• ABOUT THIS TASK: Examine each line of the data. Copy those that contain the string "Variables".

(EXERCISE MATERIALS)

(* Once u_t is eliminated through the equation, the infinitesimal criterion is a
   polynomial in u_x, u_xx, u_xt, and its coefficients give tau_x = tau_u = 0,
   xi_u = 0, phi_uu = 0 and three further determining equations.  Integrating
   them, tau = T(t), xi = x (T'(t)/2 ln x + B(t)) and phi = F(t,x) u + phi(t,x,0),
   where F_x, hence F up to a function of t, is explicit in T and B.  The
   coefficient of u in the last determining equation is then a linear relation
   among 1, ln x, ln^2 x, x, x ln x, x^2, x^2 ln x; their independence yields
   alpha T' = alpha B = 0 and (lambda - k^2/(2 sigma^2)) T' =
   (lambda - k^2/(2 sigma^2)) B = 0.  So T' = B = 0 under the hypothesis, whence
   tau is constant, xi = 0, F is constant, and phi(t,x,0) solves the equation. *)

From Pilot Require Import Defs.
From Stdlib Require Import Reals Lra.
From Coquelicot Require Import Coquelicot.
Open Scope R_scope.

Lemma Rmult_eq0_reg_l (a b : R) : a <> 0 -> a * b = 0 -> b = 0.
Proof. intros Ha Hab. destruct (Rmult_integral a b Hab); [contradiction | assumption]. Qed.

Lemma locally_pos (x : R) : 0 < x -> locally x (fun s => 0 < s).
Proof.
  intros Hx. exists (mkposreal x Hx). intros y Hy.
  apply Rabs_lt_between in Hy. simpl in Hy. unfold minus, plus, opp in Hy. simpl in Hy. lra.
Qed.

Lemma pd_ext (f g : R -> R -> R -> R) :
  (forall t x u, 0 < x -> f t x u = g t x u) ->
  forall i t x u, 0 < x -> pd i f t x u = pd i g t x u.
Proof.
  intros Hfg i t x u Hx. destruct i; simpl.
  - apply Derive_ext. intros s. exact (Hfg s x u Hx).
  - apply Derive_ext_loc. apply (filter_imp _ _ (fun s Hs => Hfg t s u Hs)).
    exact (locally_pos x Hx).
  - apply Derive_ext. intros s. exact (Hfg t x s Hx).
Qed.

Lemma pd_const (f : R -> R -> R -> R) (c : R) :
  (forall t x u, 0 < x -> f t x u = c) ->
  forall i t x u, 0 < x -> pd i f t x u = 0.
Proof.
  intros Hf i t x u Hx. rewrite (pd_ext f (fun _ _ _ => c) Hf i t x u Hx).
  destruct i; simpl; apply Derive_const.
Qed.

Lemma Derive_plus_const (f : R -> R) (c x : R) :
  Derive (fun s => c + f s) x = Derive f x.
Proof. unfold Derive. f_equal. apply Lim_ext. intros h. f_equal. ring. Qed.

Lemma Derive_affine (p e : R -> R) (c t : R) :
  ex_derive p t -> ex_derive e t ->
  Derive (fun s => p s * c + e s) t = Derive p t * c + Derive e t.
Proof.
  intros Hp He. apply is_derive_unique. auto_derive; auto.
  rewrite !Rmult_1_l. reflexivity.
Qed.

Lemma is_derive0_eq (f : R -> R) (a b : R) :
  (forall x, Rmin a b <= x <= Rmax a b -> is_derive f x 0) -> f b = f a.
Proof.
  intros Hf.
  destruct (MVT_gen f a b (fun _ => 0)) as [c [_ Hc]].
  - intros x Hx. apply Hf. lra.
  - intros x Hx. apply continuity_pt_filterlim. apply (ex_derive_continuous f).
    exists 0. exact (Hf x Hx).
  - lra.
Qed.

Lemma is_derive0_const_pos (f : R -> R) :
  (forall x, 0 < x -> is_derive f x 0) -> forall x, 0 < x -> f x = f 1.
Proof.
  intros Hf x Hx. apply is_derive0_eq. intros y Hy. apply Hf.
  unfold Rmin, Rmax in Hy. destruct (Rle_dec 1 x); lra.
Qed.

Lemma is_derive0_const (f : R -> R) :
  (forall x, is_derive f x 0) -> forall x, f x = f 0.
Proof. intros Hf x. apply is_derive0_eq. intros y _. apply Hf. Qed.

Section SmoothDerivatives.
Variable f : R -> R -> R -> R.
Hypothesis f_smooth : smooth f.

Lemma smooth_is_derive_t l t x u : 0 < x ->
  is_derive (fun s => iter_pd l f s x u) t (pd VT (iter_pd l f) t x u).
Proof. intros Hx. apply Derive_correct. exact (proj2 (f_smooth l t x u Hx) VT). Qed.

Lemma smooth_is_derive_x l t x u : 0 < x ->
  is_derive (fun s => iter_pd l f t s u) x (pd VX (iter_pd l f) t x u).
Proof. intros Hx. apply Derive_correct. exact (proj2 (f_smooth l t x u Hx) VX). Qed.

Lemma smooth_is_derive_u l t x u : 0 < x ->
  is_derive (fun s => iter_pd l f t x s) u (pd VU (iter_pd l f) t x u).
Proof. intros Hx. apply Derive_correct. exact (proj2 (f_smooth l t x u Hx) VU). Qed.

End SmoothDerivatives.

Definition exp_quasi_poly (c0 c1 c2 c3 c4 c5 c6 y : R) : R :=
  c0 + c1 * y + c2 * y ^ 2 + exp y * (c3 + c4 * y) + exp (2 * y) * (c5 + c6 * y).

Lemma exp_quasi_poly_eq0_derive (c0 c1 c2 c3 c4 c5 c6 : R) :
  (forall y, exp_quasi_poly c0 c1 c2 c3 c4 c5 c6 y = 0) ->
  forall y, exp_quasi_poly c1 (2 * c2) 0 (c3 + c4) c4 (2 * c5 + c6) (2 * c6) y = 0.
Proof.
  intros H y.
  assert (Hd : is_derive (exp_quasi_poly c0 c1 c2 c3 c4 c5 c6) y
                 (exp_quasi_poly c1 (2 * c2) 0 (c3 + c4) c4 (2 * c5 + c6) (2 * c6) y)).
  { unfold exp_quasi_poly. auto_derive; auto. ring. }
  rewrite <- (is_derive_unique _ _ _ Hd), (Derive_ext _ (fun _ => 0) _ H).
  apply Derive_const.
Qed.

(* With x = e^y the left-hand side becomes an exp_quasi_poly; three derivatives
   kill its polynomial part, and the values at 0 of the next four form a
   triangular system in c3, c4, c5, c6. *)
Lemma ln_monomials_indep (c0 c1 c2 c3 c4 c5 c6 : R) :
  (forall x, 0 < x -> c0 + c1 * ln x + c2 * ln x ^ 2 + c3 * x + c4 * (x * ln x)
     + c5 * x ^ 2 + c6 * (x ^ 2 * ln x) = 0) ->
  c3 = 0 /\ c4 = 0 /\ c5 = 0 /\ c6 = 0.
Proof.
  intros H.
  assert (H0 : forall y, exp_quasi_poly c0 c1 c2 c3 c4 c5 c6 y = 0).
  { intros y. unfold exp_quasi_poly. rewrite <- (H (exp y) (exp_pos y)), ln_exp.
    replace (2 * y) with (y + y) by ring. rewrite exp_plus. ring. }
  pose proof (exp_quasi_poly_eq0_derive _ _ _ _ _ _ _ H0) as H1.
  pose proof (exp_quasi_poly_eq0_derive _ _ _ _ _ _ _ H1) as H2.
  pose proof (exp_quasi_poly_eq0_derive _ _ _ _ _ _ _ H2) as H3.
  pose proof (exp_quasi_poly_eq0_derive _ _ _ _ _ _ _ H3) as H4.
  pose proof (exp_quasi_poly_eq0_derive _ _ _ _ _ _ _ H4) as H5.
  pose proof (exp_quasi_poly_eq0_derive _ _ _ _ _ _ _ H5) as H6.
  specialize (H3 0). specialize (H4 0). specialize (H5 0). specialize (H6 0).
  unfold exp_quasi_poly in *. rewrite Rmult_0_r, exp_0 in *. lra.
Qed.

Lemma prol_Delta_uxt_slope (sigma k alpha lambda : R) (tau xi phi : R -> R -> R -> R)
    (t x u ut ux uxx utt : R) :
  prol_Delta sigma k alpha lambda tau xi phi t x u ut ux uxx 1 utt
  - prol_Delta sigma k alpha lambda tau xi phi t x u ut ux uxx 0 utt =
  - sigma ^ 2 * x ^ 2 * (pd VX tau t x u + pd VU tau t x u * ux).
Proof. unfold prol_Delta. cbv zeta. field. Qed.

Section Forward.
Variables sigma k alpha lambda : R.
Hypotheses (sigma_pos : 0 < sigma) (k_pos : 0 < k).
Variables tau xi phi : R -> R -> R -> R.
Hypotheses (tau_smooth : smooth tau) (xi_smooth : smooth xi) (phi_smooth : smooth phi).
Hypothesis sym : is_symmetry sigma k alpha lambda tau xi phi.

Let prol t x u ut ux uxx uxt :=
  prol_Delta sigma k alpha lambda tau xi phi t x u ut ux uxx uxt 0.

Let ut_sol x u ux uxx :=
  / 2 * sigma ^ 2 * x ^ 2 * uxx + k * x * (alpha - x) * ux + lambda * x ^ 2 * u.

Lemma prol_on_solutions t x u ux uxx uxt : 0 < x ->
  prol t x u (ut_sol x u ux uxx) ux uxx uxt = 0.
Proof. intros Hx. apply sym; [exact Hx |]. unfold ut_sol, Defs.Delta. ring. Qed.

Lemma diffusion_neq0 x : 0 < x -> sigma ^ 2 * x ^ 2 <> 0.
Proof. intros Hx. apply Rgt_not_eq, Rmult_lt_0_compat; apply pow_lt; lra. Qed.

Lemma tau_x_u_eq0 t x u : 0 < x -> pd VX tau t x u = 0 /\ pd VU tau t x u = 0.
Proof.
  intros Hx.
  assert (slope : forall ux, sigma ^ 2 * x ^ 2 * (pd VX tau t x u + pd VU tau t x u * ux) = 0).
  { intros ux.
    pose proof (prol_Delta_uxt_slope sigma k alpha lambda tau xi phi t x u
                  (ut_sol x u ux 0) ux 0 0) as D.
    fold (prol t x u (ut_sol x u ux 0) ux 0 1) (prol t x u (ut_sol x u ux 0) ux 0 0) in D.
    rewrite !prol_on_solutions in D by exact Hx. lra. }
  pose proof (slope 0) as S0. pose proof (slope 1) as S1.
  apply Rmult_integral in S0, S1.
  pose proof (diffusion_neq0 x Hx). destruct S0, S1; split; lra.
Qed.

(End EXERCISE MATERIALS)

• OUTPUT OF THE EXERCISE:
Variables sigma k alpha lambda : R.
Variables tau xi phi : R -> R -> R -> R.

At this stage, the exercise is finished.